# Shooting Styles



## capnjoe (Jun 3, 2012)

Ok, so it's obvious by my attendance that I am thoroughly fascinated by the propulsive arts. What I'd like to know is what the preferred shooting style is.
How do you hold your slingshot? Do you loose after settling, are you a flipper? And what is an instinctive shooter? Does hold time dictate your nomenclature?
Thanks.


----------



## Hrawk (Oct 25, 2010)

Gimme a minute and I'll find the other post for you. A poll has been running for some time on this.


----------



## Hrawk (Oct 25, 2010)

http://slingshotforum.com/topic/11307-how-do-you-hold-your-frame/page__hl__%22how+do+you+hold%22


----------



## capnjoe (Jun 3, 2012)

Archive (round file) this post then, oh nazi mod! And thanks for the redirection.

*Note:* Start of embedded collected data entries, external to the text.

(* For any multi-stage concurrent game structure $\mathcal{G}$, any set of agents $A$ of $\mathcal{G}$ and any quantifier-free $\texttt{HyperATL}^*$ formula $\varphi$ over path variables $\pi_1,\pi_2$: if $\mathcal{G}\models[\forall\pi_1.\langle\langle A\rangle\rangle\pi_2.]\,\varphi$ then $\mathcal{G}\models\forall\pi_1.\langle\langle A\rangle\rangle\pi_2.\,\varphi$.
   Context: A multi-stage concurrent game structure (MSCGS) is $\mathcal{G}=(S,s_0,\Xi,\mathscr{M},\delta,d,\mathbf{AP},\ell)$: finite states $S$, initial state $s_0$, finite agents $\Xi$, finite moves $\mathscr{M}$, transition function $\delta:S\times(\Xi\to\mathscr{M})\to S$, stage function $d:\Xi\to\mathbb{N}$, atomic propositions $\mathbf{AP}$, labelling $\ell:S\to2^{\mathbf{AP}}$. Quantifier-free formulas are built from $a_\pi$ ($a\in\mathbf{AP}$), Boolean connectives, $\bigcirc$ and $\mathcal{U}$, and are evaluated synchronously on a path assignment ($a_\pi$: $a$ holds in the current state of the path bound to $\pi$). Sequential semantics: a strategy for $\xi$ is $f_\xi:S^+\times(\{\xi'\mid d(\xi')<d(\xi)\}\to\mathscr{M})\to\mathscr{M}$; $\mathit{out}(\mathcal{G},s,F_A)$ is the set of $u\in S^\omega$ with $u(0)=s$ such that for all $i$ there is a global move vector $\sigma$ with $\delta(u(i),\sigma)=u(i+1)$ and $\sigma(\xi)=f_\xi(u[0,i],\sigma_{\mid\{\xi'\mid d(\xi')<d(\xi)\}})$ for all $\xi\in A$. $\Pi\models\langle\langle A\rangle\rangle\pi.\psi$ iff there exist strategies $F_A$ for the agents in $A$ such that for all $t\in\mathit{out}(\mathcal{G},\Pi(\epsilon)(0),F_A)$, $\Pi[\pi\mapsto t]\models\psi$, where $\Pi(\epsilon)$ is the most recently added path ($\Pi(\epsilon)(0)=s_0$ if $\Pi$ is empty); $\forall\pi$ abbreviates $\langle\langle\emptyset\rangle\rangle\pi$. Thus $\forall\pi_1.\langle\langle A\rangle\rangle\pi_2.\varphi$ means: for every path $t_1$ from $s_0$, the agents in $A$ have strategies (whose choice may depend on $t_1$) such that every outcome $t_2$ from $s_0$ satisfies $\varphi$ together with $t_1$. Parallel semantics: $[\forall\pi_1.\langle\langle A\rangle\rangle\pi_2.]\varphi$ holds (from the empty assignment) iff there are strategies for the agents $\xi\in A$ in copy $2$, each mapping a finite history in $(S\times S)^+$ of pairs of states of both copies, together with the moves already fixed for all agents of stage $<d(\xi)$ in both copies, to a move, such that every outcome $u\in(S\times S)^\omega$ — i.e. $u(0)=(s_0,s_0)$ and for every $i$ there are global move vectors $\sigma_1,\sigma_2$ with $u(i+1)=(\delta(u(i)_1,\sigma_1),\delta(u(i)_2,\sigma_2))$ and $\sigma_2(\xi)$ given by the strategy of $\xi$ for every $\xi\in A$ — satisfies $\varphi$ under $\pi_1\mapsto$ first components, $\pi_2\mapsto$ second components. *)

From mathcomp Require Import all_boot.
Set Implicit Arguments. Unset Strict Implicit. Unset Printing Implicit Defensive.

(* Multi-stage concurrent game structure G = (S, s0, Xi, M, delta, d, AP, l). *)
Record mscgs := MSCGS {
  St : finType;
  s0 : St;
  Ag : finType;
  Mv : finType;
  delta : St -> (Ag -> Mv) -> St;
  stage : Ag -> nat;
  AP : finType;
  lab : St -> AP -> bool
}.

Inductive pvar := Pi1 | Pi2.

Inductive qf (ap : Type) :=
| QAtom of ap & pvar
| QNot of qf ap
| QAnd of qf ap & qf ap
| QOr of qf ap & qf ap
| QNext of qf ap
| QUntil of qf ap & qf ap.

Fixpoint qf_sat (G : mscgs) (t1 t2 : nat -> St G) (i : nat) (f : qf (AP G)) : Prop :=
  match f with
  | QAtom a Pi1 => lab (t1 i) a
  | QAtom a Pi2 => lab (t2 i) a
  | QNot g => ~ qf_sat t1 t2 i g
  | QAnd g h => qf_sat t1 t2 i g /\ qf_sat t1 t2 i h
  | QOr g h => qf_sat t1 t2 i g \/ qf_sat t1 t2 i h
  | QNext g => qf_sat t1 t2 i.+1 g
  | QUntil g h => exists k, i <= k /\ qf_sat t1 t2 k h /\
                  (forall j, i <= j -> j < k -> qf_sat t1 t2 j g)
  end.

Definition lower (G : mscgs) (xi : Ag G) := {x : Ag G | stage x < stage xi}.

Definition restr (G : mscgs) (xi : Ag G) (sigma : Ag G -> Mv G) : lower xi -> Mv G :=
  fun x => sigma (sval x).
Arguments restr {G} xi sigma _.

Definition prefix (T : Type) (u : nat -> T) (i : nat) : seq T := mkseq u i.+1.

Definition strat (G : mscgs) (xi : Ag G) := seq (St G) -> (lower xi -> Mv G) -> Mv G.

Definition out (G : mscgs) (s : St G) (A : {set Ag G}) (F : forall xi, strat xi)
  (u : nat -> St G) : Prop :=
  u 0 = s /\
  forall i, exists sigma : Ag G -> Mv G,
    delta (u i) sigma = u i.+1 /\
    forall xi, xi \in A -> sigma xi = F xi (prefix u i) (restr xi sigma).

(* out(G, s, F_emptyset): all paths from s (no agent constrained) *)
Definition out_all (G : mscgs) (s : St G) (u : nat -> St G) : Prop :=
  u 0 = s /\ forall i, exists sigma : Ag G -> Mv G, delta (u i) sigma = u i.+1.

(* forall pi1. <<A>> pi2. phi  (from the empty assignment) *)
Definition seq_sat (G : mscgs) (A : {set Ag G}) (phi : qf (AP G)) : Prop :=
  forall t1, out_all (s0 G) t1 ->
  exists F : forall xi, strat xi,
    forall t2, out (s0 G) A F t2 -> qf_sat t1 t2 0 phi.

(* strategy for agent xi in copy 2: history in (S x S)^+, plus already fixed
   lower-stage moves of copy 1 and of copy 2 *)
Definition pstrat (G : mscgs) (xi : Ag G) :=
  seq (St G * St G) -> (lower xi -> Mv G) -> (lower xi -> Mv G) -> Mv G.

Definition pout (G : mscgs) (A : {set Ag G}) (F : forall xi, pstrat xi)
  (u : nat -> St G * St G) : Prop :=
  u 0 = (s0 G, s0 G) /\
  forall i, exists sigma1 sigma2 : Ag G -> Mv G,
    u i.+1 = (delta (u i).1 sigma1, delta (u i).2 sigma2) /\
    forall xi, xi \in A ->
      sigma2 xi = F xi (prefix u i) (restr xi sigma1) (restr xi sigma2).

(* [forall pi1. <<A>> pi2.] phi *)
Definition par_sat (G : mscgs) (A : {set Ag G}) (phi : qf (AP G)) : Prop :=
  exists F : forall xi, pstrat xi,
    forall u, pout A F u -> qf_sat (fun i => (u i).1) (fun i => (u i).2) 0 phi.

From Pilot Require Import Defs.
From mathcomp Require Import all_boot.
From Stdlib Require Import ClassicalEpsilon.

Set Implicit Arguments.
Unset Strict Implicit.
Unset Printing Implicit Defensive.

(* In the sequential semantics the path [t1] is fixed before the agents of [A]
   choose their strategies, so they may hard-wire [t1] together with one move
   vector [sigma1 i] realising each of its steps.  An agent then plays the
   parallel strategy on the history obtained by zipping the prefix of [t1] with
   its own history, feeding it the lower-stage moves of [sigma1] as the
   first-copy moves.  Pairing [t1] with any sequential outcome [t2] yields a
   parallel outcome, which satisfies [phi] by assumption. *)

(* [Defs.prefix] is qualified because [seq.prefix] shadows it. *)
Lemma zip_prefix (T1 T2 : Type) (u1 : nat -> T1) (u2 : nat -> T2) i :
  zip (Defs.prefix u1 i) (Defs.prefix u2 i) = Defs.prefix (fun k => (u1 k, u2 k)) i.
Proof. by rewrite /Defs.prefix /mkseq zip_map. Qed.

Section ParallelToSequential.

Variables (G : mscgs) (A : {set Ag G}).

Lemma out_all_moves (s : St G) (t : nat -> St G) :
  out_all s t -> exists sigma : nat -> Ag G -> Mv G,
    forall i, delta (t i) (sigma i) = t i.+1.
Proof. by case=> _; apply: ClassicalEpsilon.choice. Qed.

Definition seq_of_pstrat (t1 : nat -> St G) (sigma1 : nat -> Ag G -> Mv G)
    (xi : Ag G) (F : pstrat xi) : strat xi :=
  fun h low2 =>
    let i := (size h).-1 in F (zip (Defs.prefix t1 i) h) (restr xi (sigma1 i)) low2.

Lemma pout_zip_out (F : forall xi, pstrat xi) (t1 t2 : nat -> St G)
    (sigma1 : nat -> Ag G -> Mv G) :
  t1 0 = s0 G -> (forall i, delta (t1 i) (sigma1 i) = t1 i.+1) ->
  out (s0 G) A (fun xi => seq_of_pstrat t1 sigma1 (F xi)) t2 ->
  pout A F (fun i => (t1 i, t2 i)).
Proof.
move=> t10 t1_moves [t20 t2_step]; split=> [|i]; first by rewrite t10 t20.
have [sigma2 [t2_move sigma2_strat]] := t2_step i.
exists (sigma1 i), sigma2; split=> [|xi xiA] /=; first by rewrite t1_moves t2_move.
by rewrite sigma2_strat // /seq_of_pstrat size_mkseq zip_prefix.
Qed.

End ParallelToSequential.

Theorem mainTheorem7 (G : mscgs) (A : {set Ag G}) (phi : qf (AP G)) :
  par_sat A phi -> seq_sat A phi.
Proof.
move=> [F F_wins] t1 t1_out.
have [sigma1 t1_moves] := out_all_moves t1_out.
exists (fun xi => seq_of_pstrat t1 sigma1 (F xi)) => t2 t2_out.
exact: (F_wins _ (pout_zip_out t1_out.1 t1_moves t2_out)).
Qed.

Wait, it still doesn't answer the question about the definition of instinctive shooting.


----------



## Imperial (Feb 9, 2011)

instictive shooting - when you and the slingshot are as one . no need to use your aiming eye, you just lift slingshot, pull bands , release and hit target . use the power of the force young luke . 
isnt this technique also known as point shooting or reflex/quick kill ?


----------



## ERdept (Jun 10, 2010)

I used modified gangster. Meaning I hold the slingshot diagonally in between gangster/horizontal and vertical.

Why??

Because the top corner of the catapult serves as an aiming post/sight.


----------



## Incomudro (Jan 12, 2012)

Imperial said:


> instictive shooting - when you and the slingshot are as one . no need to use your aiming eye, you just lift slingshot, pull bands , release and hit target . use the power of the force young luke .
> isnt this technique also known as point shooting or reflex/quick kill ?


I shoot instinctively, but I'd hesistate to refer to the slingshot and I "as one."


----------